Records to process: Begin
Lemma measurable_optimal_prob k : measurable_fun [set: R] (optimal_prob k).
Proof.
case: k; rewrite /optimal_prob /s_alpha /=; try exact: measurable_id.
by apply: measurable_funD => //; exact: measurable_funM.
Qed.

Lemma cond_risk_LR p u : cond_risk LR p u = cross_entropy p u.
Proof. by rewrite /cond_risk /cross_entropy /=; ring. Qed.

Lemma cond_risk_LS p u : cond_risk LS p u = cross_entropy (s_alpha a p) u.
Proof. by rewrite /cond_risk /cross_entropy /s_alpha /= subKr; field. Qed.

Lemma cond_risk_MLS p u :
  cond_risk MLS p u = cross_entropy (s_alpha a p) (s_alpha a u).
Proof.
have sN x : s_alpha a (1 - x) = 1 - s_alpha a x by rewrite /s_alpha; field.
by rewrite /cond_risk /cross_entropy /= !sN subKr /s_alpha; field.
Qed.

Lemma cond_risk_LSQ p u : cond_risk LSQ p u = (u - p) ^+ 2 / 2 + p * (1 - p) / 2.
Proof. by rewrite /cond_risk /=; field. Qed.

Hypothesis a01 : 0 <= a < 1.

Let onem_a_neq0 : 1 - a != 0.
Proof. by case/andP: a01 => _ a1; rewrite subr_eq0 gt_eqF. Qed.

Lemma s_alpha_inj : injective (s_alpha a).
Proof. by move=> u v /addIr /(mulfI onem_a_neq0). Qed.

Lemma s_alpha_01 u : 0 <= u <= 1 -> 0 <= s_alpha a u <= 1.
Proof. by case/andP: a01 => a0 a1 /andP[u0 u1]; rewrite /s_alpha; apply/andP; split; nra. Qed.

Lemma prob_loss_ge0 k u : 0 < u < 1 -> 0 <= prob_loss k u.
Proof.
case/andP: a01 => a0 a1 /andP[u0 u1].
have lnu : ln u <= 0 by rewrite ln_le0// ltW.
have lnu1 : ln (1 - u) <= 0 by rewrite ln_le0// gerBl ltW.
have lnsu v : 0 < v < 1 -> ln (s_alpha a v) <= 0.
  by move=> /andP[v0 v1]; rewrite ln_le0// /s_alpha; nra.
have mix x y : x <= 0 -> y <= 0 -> 0 <= - (1 - a / 2) * x - a / 2 * y by nra.
case: k => /=.
- by rewrite oppr_ge0.
- exact: mix.
- by apply: mix; apply: lnsu; apply/andP; split; lra.
- by rewrite divr_ge0// sqr_ge0.
Qed.

Lemma cond_risk_ge0 k p u : 0 <= p <= 1 -> 0 < u < 1 -> 0 <= cond_risk k p u.
Proof.
move=> /andP[p0 p1] /andP[u0 u1].
have u1' : 0 < 1 - u < 1 by apply/andP; split; lra.
by rewrite addr_ge0// mulr_ge0 ?subr_ge0// prob_loss_ge0// u0.
Qed.

Lemma cond_risk_midpoint k p u : 0 <= p <= 1 -> 0 < u < 1 ->
  let m := (u + optimal_prob k p) / 2 in
  [/\ 0 < m < 1, cond_risk k p m <= cond_risk k p u &
      u != optimal_prob k p -> cond_risk k p m < cond_risk k p u].
Proof.
move=> p01 u01 m; have /andP[u0 u1] := u01.
have [t0 t1] : 0 <= optimal_prob k p /\ optimal_prob k p <= 1.
  by apply/andP; case: k {m} => //; exact: s_alpha_01.
have m01 : 0 < m < 1 by rewrite /m; apply/andP; split; lra.
suff : cond_risk k p m <= cond_risk k p u /\
  (u != optimal_prob k p -> cond_risk k p m < cond_risk k p u) by case.
rewrite /m; case: k {m m01 t0 t1} => /=.
- by rewrite !cond_risk_LR; exact: cross_entropy_midpoint.
- by rewrite !cond_risk_LS; apply: cross_entropy_midpoint => //; exact: s_alpha_01.
- have su : 0 < s_alpha a u < 1.
    by case/andP: a01 => a0 a1; rewrite /s_alpha; apply/andP; split; nra.
  have [le lt] := cross_entropy_midpoint (s_alpha_01 p01) su.
  have sm : s_alpha a ((u + p) / 2) = (s_alpha a u + s_alpha a p) / 2.
    by rewrite /s_alpha; field.
  rewrite !cond_risk_MLS sm; split => // up; apply: lt.
  by apply: contra up => /eqP/s_alpha_inj ->.
- have sq : ((u + p) / 2 - p) ^+ 2 = (u - p) ^+ 2 / 4 by field.
  rewrite !cond_risk_LSQ sq; split=> [|up].
    by have := sqr_ge0 (u - p); lra.
  have : 0 < (u - p) ^+ 2 by rewrite lt_def sqr_ge0 andbT sqrf_eq0 subr_eq0.
  lra.
Qed.

Lemma recovered_optimal_prob k v p :
  sigmoid v = optimal_prob k p -> recovered a k v = p.
Proof.
by case: k => //= ->; rewrite /s_alpha_inv /s_alpha; field.
Qed.

End losses.

Section integral_preimage_density.
Local Open Scope ereal_scope.
Context dO dT (Omega : measurableType dO) (T : measurableType dT) (R : realType).
Variables (P : {measure set Omega -> \bar R}) (mu : {measure set T -> \bar R}).
Variables (X : Omega -> T) (E : set Omega) (g : T -> R).
Hypotheses (mX : measurable_fun [set: Omega] X) (mE : measurable E).
Hypotheses (mg : measurable_fun [set: T] g) (g0 : forall x, (0 <= g x)%R).
Hypothesis PXE : forall A, measurable A ->
  P (X @^-1` A `&` E) = \int[mu]_(x in A) (g x)%:E.

Let mXpre A : measurable A -> measurable (X @^-1` A).
Proof. by move=> mA; rewrite -[X @^-1` A]setTI; exact: mX. Qed.

Lemma integral_preimage_density_indic (B : set T) : measurable B ->
  \int[P]_(w in E) (\1_B (X w))%:E = \int[mu]_x ((\1_B x)%:E * (g x)%:E).
Proof.
move=> mB; rewrite (@integral_indic _ _ _ P _ mE (X @^-1` B) (mXpre mB)).
rewrite PXE// integral_mkcond; apply: eq_integral => x _.
by rewrite epatch_indic /= muleC.
Qed.

Import HBNNSimple.

Lemma integral_preimage_density_nnsfun (h : {nnsfun T >-> R}) :
  \int[P]_(w in E) (h (X w))%:E = \int[mu]_x ((h x)%:E * (g x)%:E).
Proof.
have mh r : measurable (h @^-1` [set r]).
  by rewrite -[_ @^-1` _]setTI; exact: measurable_funP.
have mhX r : measurable_fun [set: Omega] (fun w => \1_(h @^-1` [set r]) (X w) : R).
  exact: measurableT_comp (measurable_indic (mh r)) mX.
transitivity (\sum_(r \in range h)
    \int[mu]_x ((r * \1_(h @^-1` [set r]) x)%:E * (g x)%:E)); last first.
  rewrite -ge0_integral_fsum//; last 2 first.
  - move=> r; apply: emeasurable_funM; apply/measurable_EFinP => //.
    exact/measurable_funM/measurable_indic.
  - move=> r x _; apply: mule_ge0; last by rewrite lee_fin.
    by rewrite EFinM nnfun_muleindic_ge0.
  apply: eq_integral => x _; rewrite -ge0_mule_fsuml; last first.
    by move=> r; rewrite EFinM nnfun_muleindic_ge0.
  by rewrite fsumEFin// -fimfunE.
under eq_integral do rewrite fimfunE -fsumEFin//.
rewrite ge0_integral_fsum//; last 2 first.
- by move=> r; apply/measurable_EFinP/measurable_funTS/measurable_funM.
- by move=> r w _; rewrite EFinM nnfun_muleindic_ge0.
apply: eq_fsbigr => r /[1!inE] -[x _ <-].
under eq_integral do rewrite EFinM.
under [RHS]eq_integral do rewrite EFinM -muleA.
have hx0 : 0 <= (h x)%:E by rewrite lee_fin.
rewrite ge0_integralZl//; last by apply/measurable_EFinP/measurable_funTS; exact: mhX.
rewrite ge0_integralZl//; last 2 first.
- by apply: emeasurable_funM; apply/measurable_EFinP => //; exact: measurable_indic.
- by move=> y _; rewrite mule_ge0 ?lee_fin.
by rewrite integral_preimage_density_indic.
Qed.

Lemma ge0_integral_preimage_density (f : T -> \bar R) :
  measurable_fun [set: T] f -> (forall x, 0 <= f x) ->
  \int[P]_(w in E) f (X w) = \int[mu]_x (f x * (g x)%:E).
Proof.
move=> mf f0; pose h := nnsfun_approx measurableT mf.
have hf x : (EFin \o h n) x @[n --> \oo] --> f x.
  exact: cvg_nnsfun_approx (fun y _ => f0 y) _ _.
have h_nd x : {homo (fun n => (h n x)%:E) : m n / (m <= n)%N >-> m <= n}.
  by move=> m n mn; rewrite lee_fin; exact/lefP/nd_nnsfun_approx.
have -> : \int[P]_(w in E) f (X w) = limn (fun n => \int[P]_(w in E) (h n (X w))%:E).
  rewrite -monotone_convergence//; last 2 first.
  - by move=> n; apply/measurable_EFinP/measurable_funTS/measurableT_comp.
  - by move=> n w _; rewrite lee_fin.
  by apply: eq_integral => w _; apply/esym/cvg_lim => //; exact: hf.
have -> : \int[mu]_x (f x * (g x)%:E) = limn (fun n => \int[mu]_x ((h n x)%:E * (g x)%:E)).
  rewrite -monotone_convergence//; last 3 first.
  - by move=> n; apply: emeasurable_funM; exact/measurable_EFinP.
  - by move=> n x _; rewrite mule_ge0 ?lee_fin.
  - by move=> x _ m n mn; rewrite lee_wpmul2r ?lee_fin//; exact: h_nd.
  by apply: eq_integral => x _; apply/esym/cvg_lim => //; apply: cvgeZr => //; exact: hf.
by under eq_fun do rewrite integral_preimage_density_nnsfun.
Qed.

End integral_preimage_density.

Section ae_of_set_integrals.
Local Open Scope ereal_scope.
Context d (T : measurableType d) (R : realType).
Variable mu : {measure set T -> \bar R}.

Lemma ae_notin_of_integral_le0 (N : set T) (h : T -> R) : measurable N ->
  measurable_fun N h -> (forall x, N x -> (0 < h x)%R) ->
  \int[mu]_(x in N) (h x)%:E <= 0 -> {ae mu, forall x, ~ N x}.
Proof.
move=> mN mh h_gt0 le0.
have abs0 : \int[mu]_(x in N) `|(h x)%:E| = 0.
  rewrite (eq_integral (fun x => (h x)%:E)); last first.
    by move=> x /[1!inE] Nx; rewrite gee0_abs// lee_fin ltW// h_gt0.
  apply/eqP; rewrite eq_le le0 integral_ge0// => x Nx.
  by rewrite lee_fin ltW// h_gt0.
have mhE : measurable_fun N (EFin \o h) by exact/measurable_EFinP.
have /(ae_eq_integral_abs mu mN mhE).1 := abs0.
apply: filterS => x h0 Nx; have [/eqP] := h0 Nx.
by rewrite gt_eqF ?h_gt0.
Qed.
Records to process: End
__Task prompt__: With the first line being the one containing "Lemma cond_risk_MLS p" and the last line the one containing "Proof. by case/andP: a01 => a0", transcribe exactly the lines above that fall in that range.

__Exercise output__:
Lemma cond_risk_MLS p u :
  cond_risk MLS p u = cross_entropy (s_alpha a p) (s_alpha a u).
Proof.
have sN x : s_alpha a (1 - x) = 1 - s_alpha a x by rewrite /s_alpha; field.
by rewrite /cond_risk /cross_entropy /= !sN subKr /s_alpha; field.
Qed.

Lemma cond_risk_LSQ p u : cond_risk LSQ p u = (u - p) ^+ 2 / 2 + p * (1 - p) / 2.
Proof. by rewrite /cond_risk /=; field. Qed.

Hypothesis a01 : 0 <= a < 1.

Let onem_a_neq0 : 1 - a != 0.
Proof. by case/andP: a01 => _ a1; rewrite subr_eq0 gt_eqF. Qed.

Lemma s_alpha_inj : injective (s_alpha a).
Proof. by move=> u v /addIr /(mulfI onem_a_neq0). Qed.

Lemma s_alpha_01 u : 0 <= u <= 1 -> 0 <= s_alpha a u <= 1.
Proof. by case/andP: a01 => a0 a1 /andP[u0 u1]; rewrite /s_alpha; apply/andP; split; nra. Qed.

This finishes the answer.